Research Roundup: November 30, 2018

Erik Jacobs
Credit : Erik Jacobs
By Broad Communications

Rare mutations tracked, genetic landscapes explored, and a data translator envisioned.

Welcome to the November 30, 2018 installment of Research Roundup, a recurring snapshot of recent studies published by scientists at the Broad Institute and their collaborators.

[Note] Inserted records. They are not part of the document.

(* In the binary-input random coding setting described in the context, with message $1$ transmitted, for any $w'\neq1$ and any $\theta<0$, almost surely $$\lim_{N\to\infty}\frac1N\ln\mathbb E\big\{e^{N\theta\mathsf D(w')}\,\big|\,\underline{\mathsf T}\big\}=\mathbb E\Big[\ln\big(1+e^{\theta|\ln(q^+(\mathsf Y)/q^-(\mathsf Y))|}\big)\Big]-\ln2,$$ where on the right $\mathsf Y$ has density $(q^++q^-)/2$.
   Context: Let $q^+$ and $q^-$ be probability density functions on $\mathbb R$. They are the output densities of a binary-input memoryless channel when the input is $+1$ and $-1$, respectively. Assume: (A1) There exist $M_1>0$, $a>0$ and a polynomial $S_1$ with $q^\pm(y)<S_1(|y|)e^{-a|y|}$ for all $|y|>M_1$. (A2) There exist $M_2>0$ and a polynomial $S_2$ with $|\ln(q^+(y)/q^-(y))|<S_2(|y|)$ for all $|y|>M_2$. (A3) Let $\mathsf X$ be uniform on $\{+1,-1\}$, let $\mathsf Y$ have density $q^{+}$ given $\mathsf X=+1$ and $q^-$ given $\mathsf X=-1$, and let $\mathsf T=\ln(q^+(\mathsf Y)/q^-(\mathsf Y))$. The CDF $\Psi$ of $|\mathsf T|$ on $[0,\infty)$ and its inverse $\Psi^{-1}$ are smooth with finite first, second and third derivatives. Random coding: the codebook has $\lceil e^{NR}\rceil$ codewords $\underline{\mathsf X}(w)=(\mathsf X_1(w),\dots,\mathsf X_N(w))$, with all entries i.i.d. uniform on $\{\pm1\}$. Message $1$ is transmitted: given $\underline{\mathsf X}(1)$, the outputs $\mathsf Y_1,\dots,\mathsf Y_N$ are independent, with $\mathsf Y_i$ having density $q^{\mathsf X_i(1)}$. Let $\mathsf T_i=\ln(q^+(\mathsf Y_i)/q^-(\mathsf Y_i))$ and $\underline{\mathsf T}=(\mathsf T_1,\dots,\mathsf T_N)$. Let $\mathsf R_i$ be the rank of $|\mathsf T_i|$ among $|\mathsf T_1|,\dots,|\mathsf T_N|$ (rank $1$ is the smallest). Let $\mathrm{sgn}(t)=1$ if $t\ge0$ and $-1$ otherwise. The CDF-ORBGRAND metric is $$\mathsf D(w)=\frac1N\sum_{i=1}^N\Psi^{-1}\Big(\frac{\mathsf R_i}{N+1}\Big)\mathbf 1\big(\mathrm{sgn}(\mathsf T_i)\mathsf X_i(w)<0\big).$$ *)

From HB Require Import structures.
From mathcomp Require Import all_boot all_order all_algebra.
From mathcomp Require Import all_classical all_reals all_analysis.
Set Implicit Arguments. Unset Strict Implicit. Unset Printing Implicit Defensive.
Import Order.TTheory GRing.Theory Num.Theory.
Import numFieldNormedType.Exports.
Local Open Scope classical_set_scope.
Local Open Scope ring_scope.

Section Defs.
Variable R : realType.

Definition sval (b : bool) : R := if b then 1 else -1.

Definition qof (qp qm : R -> R) (b : bool) : R -> R := if b then qp else qm.

Definition llr (qp qm : R -> R) (y : R) : R := ln (qp y / qm y).

Definition sgn (t : R) : R := if 0 <= t then 1 else -1.

Definition is_pdf (q : R -> R) : Prop :=
  measurable_fun setT q /\ (forall y, 0 <= q y) /\
  (\int[lebesgue_measure]_(y in setT) (q y)%:E = 1)%E.

(* CDF of |T| with (X,Y) as in (A3): Y has density (q^+ + q^-)/2. *)
Definition PsiCDF (qp qm : R -> R) (t : R) : R :=
  fine (\int[lebesgue_measure]_(y in [set y | (`|llr qp qm y| <= t)%R])
          ((qp y + qm y) / 2)%R%:E)%E.

(* rank of |T_i| among |T_1|,...,|T_N| (1 = smallest); ties broken by index *)
Definition rank (N : nat) (t : 'I_N -> R) (i : 'I_N) : nat :=
  #|[set j : 'I_N | (`|t j| < `|t i|) || ((`|t j| == `|t i|) && (j <= i)%N)]|.

Definition Dmetric (Psiinv : R -> R) (N : nat) (t : 'I_N -> R)
    (x : {ffun 'I_N -> bool}) : R :=
  N%:R^-1 * \sum_(i < N)
     Psiinv ((rank t i)%:R / (N.+1)%:R) * (if sgn (t i) * sval (x i) < 0 then 1 else 0).

(* E{ e^{N theta D(w')} | T = t }: the codeword X(w'), w' <> 1, is uniform on
   {+-1}^N and independent of T, so the conditional expectation is the average
   over all 2^N codewords. *)
Definition condMGF (Psiinv : R -> R) (theta : R) (N : nat) (t : 'I_N -> R) : R :=
  (2 ^+ N)^-1 * \sum_(x : {ffun 'I_N -> bool}) expR (N%:R * theta * Dmetric Psiinv t x).

End Defs.

(** Given T, each entry of the codeword X(w') is a fair sign, independent of the
    others, that disagrees with sgn(T_i) with probability 1/2.  Hence the
    conditional moment generating function factorizes,
      E{e^{N theta D(w')} | T} = prod_i (1 + e^{theta Psi^-1(R_i/(N+1))}) / 2,
    and since the ranks R_i permute 1..N, its normalized logarithm is
    S_N/N - ln 2 with S_N = sum_{k=1}^N g(Psi^-1(k/(N+1))) and
    g(s) = ln(1 + e^{theta s}): a deterministic Riemann sum.
    The quantiles t_k = Psi^-1(k/(N+1)) cut [0, oo) into bands of probability
    1/(N+1) for |T|, on which the nonincreasing g lies between g(t_{k+1}) and
    g(t_k); integrating the corresponding step functions gives
      S_N/(N+1) <= E g(|T|) <= (ln 2 + S_N)/(N+1),
    so S_N/N -> E g(|T|).  The convergence thus holds for every sample path. *)

From Pilot Require Import Defs.
From mathcomp Require Import all_boot all_order all_algebra.
From mathcomp Require Import all_classical all_reals all_analysis.
From mathcomp Require Import measurable_realfun.
From mathcomp Require Import ring lra.
Import Order.TTheory GRing.Theory Num.Theory.
Import numFieldNormedType.Exports.
Set Implicit Arguments. Unset Strict Implicit.
Local Open Scope classical_set_scope.
Local Open Scope ring_scope.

Teasing apart the fabric of psychiatric genetics

Raymond Walters and institute member Benjamin Neale of the Stanley Center for Psychiatric Research, together with collaborators in the Psychiatric Genomics Consortium (PGC), published two large GWAS studies this week, one in Nature Neuroscience on alcohol dependence, the other in Nature Genetics on ADHD (with colleagues from Denmark's iPSYCH consortium). In addition to their distinct findings — such as unique alcohol dependence variants in European and African populations, and 12 genomic loci that impact ADHD risk — both studies called attention to significant genetic overlaps between these and a variety of other behavioral and psychiatric traits. Learn more about the alcohol study in a Washington University press release, and about the ADHD study in a Broad news story, an Aarhus University press release, and stories in GenomeWeb and The Guardian.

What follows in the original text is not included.